ABOUT THIS TASK
Set down, please, without alteration, the lines of the entries below from the first through the one containing "have hu t : affine_vec".

Collected data

:::

Lemma mi_representable_est_set : mi_representable est_set.
Proof.
have hx t : affine_vec (fun xi : est_var -> R => est_x xi t) by apply: affine_vec_col.
have hu t : affine_vec (fun xi : est_var -> R => est_u xi t) by apply: affine_vec_col.
have hth t : affine_vec (fun xi : est_var -> R => est_th xi t) by apply: affine_vec_col.
apply: mi_representableI.
  apply: (mi_representable_ext (S := fun xi => (forall t : 'I_N.+1, est_stage xi t) /\
    forall t : 'I_N.+2, X (est_x xi t) /\ Th (est_th xi t))); last first.
    by move=> xi; apply: iff_sym; apply: est_trajP.
  apply: mi_representableI; apply: mi_representable_forall => t.
    exact: mi_representable_est_stage.
  have hL (ab : 'I_mX + 'I_mTh) : affine_fun (fun xi => match ab with
      | inl a => (AX *m est_x xi t) a 0 - bX a 0
      | inr a => (ATh *m est_th xi t) a 0 - bTh a 0 end).
    by case: ab => a; apply: affineB _ (affine_cst _); apply: affine_vecM.
  apply: (mi_representable_ext (mi_representable_polyhedron hL)) => xi.
  rewrite hX hTh !leV_subr_le0.
  split=> [h|[h1 h2] [a|a]]; [split=> a | exact: h1 | exact: h2].
  - exact: h (inl a).
  - exact: h (inr a).
apply: mi_representableI; apply: mi_representable_forall => i;
  apply: mi_representable_log_hypo => //; apply: affine_vecB (affine_vec_cst _ _) _;
  apply: affine_vecM; first [exact: hx | exact: hu].
Qed.

Definition traj_point (x : nat -> 'cV[R]_nx) (u : nat -> 'cV[R]_nu) (th : nat -> 'cV[R]_nth)
    (v : est_var) : R :=
  match v with
  | inl (inl (inl (t, i))) => x t i 0
  | inl (inl (inr (t, i))) => th t i 0
  | inl (inr (t, i)) => u t i 0
  | inr (inl i) => ln (pvec pnu (xo i - D *m x (tx i)))
  | inr (inr j) => ln (pvec pom (yo j - C *m u (tau j)))
  end.

Lemma traj_pointE x u th :
  [/\ forall t, (t <= N.+1)%N -> est_x (traj_point x u th) t = x t,
      forall t, (t <= N.+1)%N -> est_th (traj_point x u th) t = th t &
      forall t, (t <= N)%N -> est_u (traj_point x u th) t = u t].
Proof. by split=> t ht; apply/matrixP => i j; rewrite (ord1 j) mxE /= inordK. Qed.

Hypothesis tx_le : forall i, (tx i <= N.+1)%N.
Hypothesis tau_le : forall j, (tau j <= N)%N.

Lemma est_set_traj_point x u th :
  traj_feasible X U Th f h g pi N x u th -> lik_pos pnu pom D C tx xo tau yo x u ->
  est_set (traj_point x u th).
Proof.
have [ex eth eu] := traj_pointE x u th.
move=> hF [hpx hpy]; split.
  by apply: traj_feasible_ext hF => t ht; [rewrite ex ?eth | rewrite eu].
by split=> [i|j]; rewrite /= ?ex ?eu //; split.
Qed.

Theorem est_milp_expressible : milp_expressible N
  (traj_feasible X U Th f h g pi N)
  (fun x u _ => lik_pos pnu pom D C tx xo tau yo x u)
  (fun x u _ => loglik pnu pom D C tx xo tau yo x u).
Proof.
have [M [Kc [Am [b [I [emb hemb]]]]]] := mi_representable_mx mi_representable_est_set.
pose sel n (e : 'I_n -> est_var) : 'M[R]_(n, M) := \matrix_(i, j) (j == emb (e i))%:R.
pose c : 'cV[R]_M := \col_j (\sum_i (j == emb (vlx i))%:R + \sum_i (j == emb (vly i))%:R).
pose xi_of (z : 'cV[R]_M) v := z (emb v) 0.
have cE z : (c^T *m z) 0 0 = \sum_i xi_of z (vlx i) + \sum_j xi_of z (vly j).
  rewrite mxE (eq_bigr (fun j => \sum_i (j == emb (vlx i))%:R * z j 0 +
    \sum_i (j == emb (vly i))%:R * z j 0)) => [|j _]; last by rewrite !mxE mulrDl !mulr_suml.
  by rewrite big_split /=; congr (_ + _); rewrite exchange_big /=; apply: eq_bigr => i _;
    apply: vdot_delta.
have selE n (e : nat -> 'I_n -> est_var) z :
    (fun t => sel n (e t) *m z) = (fun t => \col_i xi_of z (e t i)).
  by apply: funext => t; rewrite select_mx.
exists M, Kc, Am, b, c, I, (fun t => sel _ (vx t)), (fun t => sel _ (vu t)).
exists (fun t => sel _ (vth t)); split.
  move=> z hz iz /=; rewrite !selE.
  have [hF [hpx hpy]] : est_set (xi_of z) by apply/hemb; exists z.
  split=> //; first by split=> [i|j]; [case: (hpx i) | case: (hpy j)].
  rewrite cE /loglik; apply: lerD; apply: ler_sum => i _; [exact: (hpx i).2 | exact: (hpy i).2].
move=> x u th hF hP; have [ex eth eu] := traj_pointE x u th.
have [z [hz iz ez]] := (hemb _).1 (est_set_traj_point hF hP).
exists z; split=> // [t ht|t ht|].
- rewrite /sel !select_mx -ex // -eth //.
  by split; apply/matrixP => i j; rewrite (ord1 j) !mxE ez.
- by rewrite /sel select_mx -eu //; apply/matrixP => i j; rewrite (ord1 j) !mxE ez.
- by rewrite cE (_ : xi_of z = traj_point x u th) //; apply: funext => v; apply: ez.
Qed.

End Estimation.
Theorem corollary1 (R : realType) (nx nu nth npi mx my : nat)
  (X : 'cV[R]_nx -> Prop) (U : 'cV[R]_nu -> Prop) (Th : 'cV[R]_nth -> Prop)
  (Pi : 'cV[R]_npi -> Prop)
  (* data of f (A2) *)
  (Q : 'M[R]_(nx + nu)) (H : 'M[R]_(nth + npi, nx + nu))
  (K : nat) (m : 'I_K -> nat)
  (F : forall i : 'I_K, 'I_(m i).+1 -> 'rV[R]_(nx + nu + nth + npi))
  (zeta : forall i : 'I_K, 'I_(m i).+1 -> R)
  (* data of h and g (A3) *)
  (A : 'M[R]_nx) (B : 'M[R]_(nx, nu)) (k : 'cV[R]_nx)
  (g : 'cV[R]_nx -> 'cV[R]_nu -> 'cV[R]_nth -> 'cV[R]_npi -> 'cV[R]_nth)
  (P : nat) (r : 'I_P -> nat)
  (Bg : forall i : 'I_P, 'M[R]_(r i, nx + nu + nth + npi))
  (psi : forall i : 'I_P, 'cV[R]_(r i))
  (G : forall i : 'I_P, 'M[R]_(nth, nx + nu + nth + npi))
  (chi : forall i : 'I_P, 'cV[R]_nth)
  (* observation model (A4) *)
  (D : 'M[R]_(mx, nx)) (C : 'M[R]_(my, nu)) (pnu pom : R -> R)
  (* the estimation problem: horizon, measurement times, data, incentives *)
  (N nxo nuo : nat) (tx : 'I_nxo.+1 -> nat) (xo : 'I_nxo.+1 -> 'cV[R]_mx)
  (tau : 'I_nuo.+1 -> nat) (yo : 'I_nuo.+1 -> 'cV[R]_my)
  (pi : nat -> 'cV[R]_npi) :
  let f := f_util Q H F zeta in
  let h := fun (x : 'cV[R]_nx) (u : 'cV[R]_nu) => A *m x + B *m u + k in
  let dom := fun x u th p => [/\ X x, U u, Th th & Pi p] in
  (* (A1) *)
  polyhedron X -> box_bounded X ->
  polyhedron U -> box_bounded U ->
  polyhedron Th -> box_bounded Th ->
  mixed_integer_set Pi -> box_bounded Pi ->
  (* (A2) *)
  PSD Q ->
  (forall u th p, U u -> Th th -> Pi p -> concave_on X (fun x => f x u th p)) ->
  (forall x th p, X x -> Th th -> Pi p ->
     strictly_concave_on U (fun u => f x u th p)) ->
  (forall x u p, X x -> U u -> Pi p -> concave_on Th (fun th => f x u th p)) ->
  (* (A3) *)
  (forall x', X x' -> exists x u, [/\ X x, U u & h x u = x']) ->
  (forall th', Th th' -> exists x u th p, dom x u th p /\ g x u th p = th') ->
  (forall x u th p, dom x u th p ->
     exists i, leV (Bg i *m cat4 x u th p) (psi i)) ->
  (forall x u th p i, dom x u th p -> leV (Bg i *m cat4 x u th p) (psi i) ->
     g x u th p = G i *m cat4 x u th p + chi i) ->
  (forall i j, i != j -> forall z,
     ~ (in_interior (fun w => leV (Bg i *m w) (psi i)) z /\
        in_interior (fun w => leV (Bg j *m w) (psi j)) z)) ->
  (* (A4) *)
  noise_density pnu -> noise_density pom ->
  log_density_milp pnu mx -> log_density_milp pom my ->
  (* (A5) observability *)
  (exists (T : nat) (pio : nat -> 'cV[R]_npi),
     (forall t, Pi (pio t)) /\
     forall x u th x' u' th',
       traj_feasible X U Th f h g pio T x u th ->
       traj_feasible X U Th f h g pio T x' u' th' ->
       (forall t, (t <= T)%N -> D *m x t = D *m x' t /\ C *m u t = C *m u' t) ->
       x 0%N = x' 0%N /\ th 0%N = th' 0%N) ->
  (* the given incentives and the measurement times lie in the horizon *)
  (forall t, (t <= N)%N -> Pi (pi t)) ->
  (forall i, (tx i <= N.+1)%N) -> (forall j, (tau j <= N)%N) ->
  milp_expressible N
    (traj_feasible X U Th f h g pi N)
    (fun x u _ => lik_pos pnu pom D C tx xo tau yo x u)
    (fun x u _ => loglik pnu pom D C tx xo tau yo x u).
Proof.
move=> f h dom [mX [AX [bX hX]]] [MX bdX] [mU [AU [bU hU]]] [MU bdU]
  [mTh [ATh [bTh hTh]]] [MTh bdTh] _ _ PSDQ _ _ _ _ _ g_cover g_local _ _ _
  hpnu hpom _ hpi tx_le tau_le.
apply: (est_milp_expressible H F zeta A B k D C xo yo hX hU hTh bdX bdU bdTh PSDQ _ _
  hpnu hpom tx_le tau_le).
- by move=> t ht x u th hx hu hth; apply: g_cover; split=> //; apply: hpi.
- by move=> t ht x u th i hx hu hth; apply: g_local => //; split=> //; apply: hpi.
Qed.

:::

EXPECTED ANSWER
Lemma mi_representable_est_set : mi_representable est_set.
Proof.
have hx t : affine_vec (fun xi : est_var -> R => est_x xi t) by apply: affine_vec_col.
have hu t : affine_vec (fun xi : est_var -> R => est_u xi t) by apply: affine_vec_col.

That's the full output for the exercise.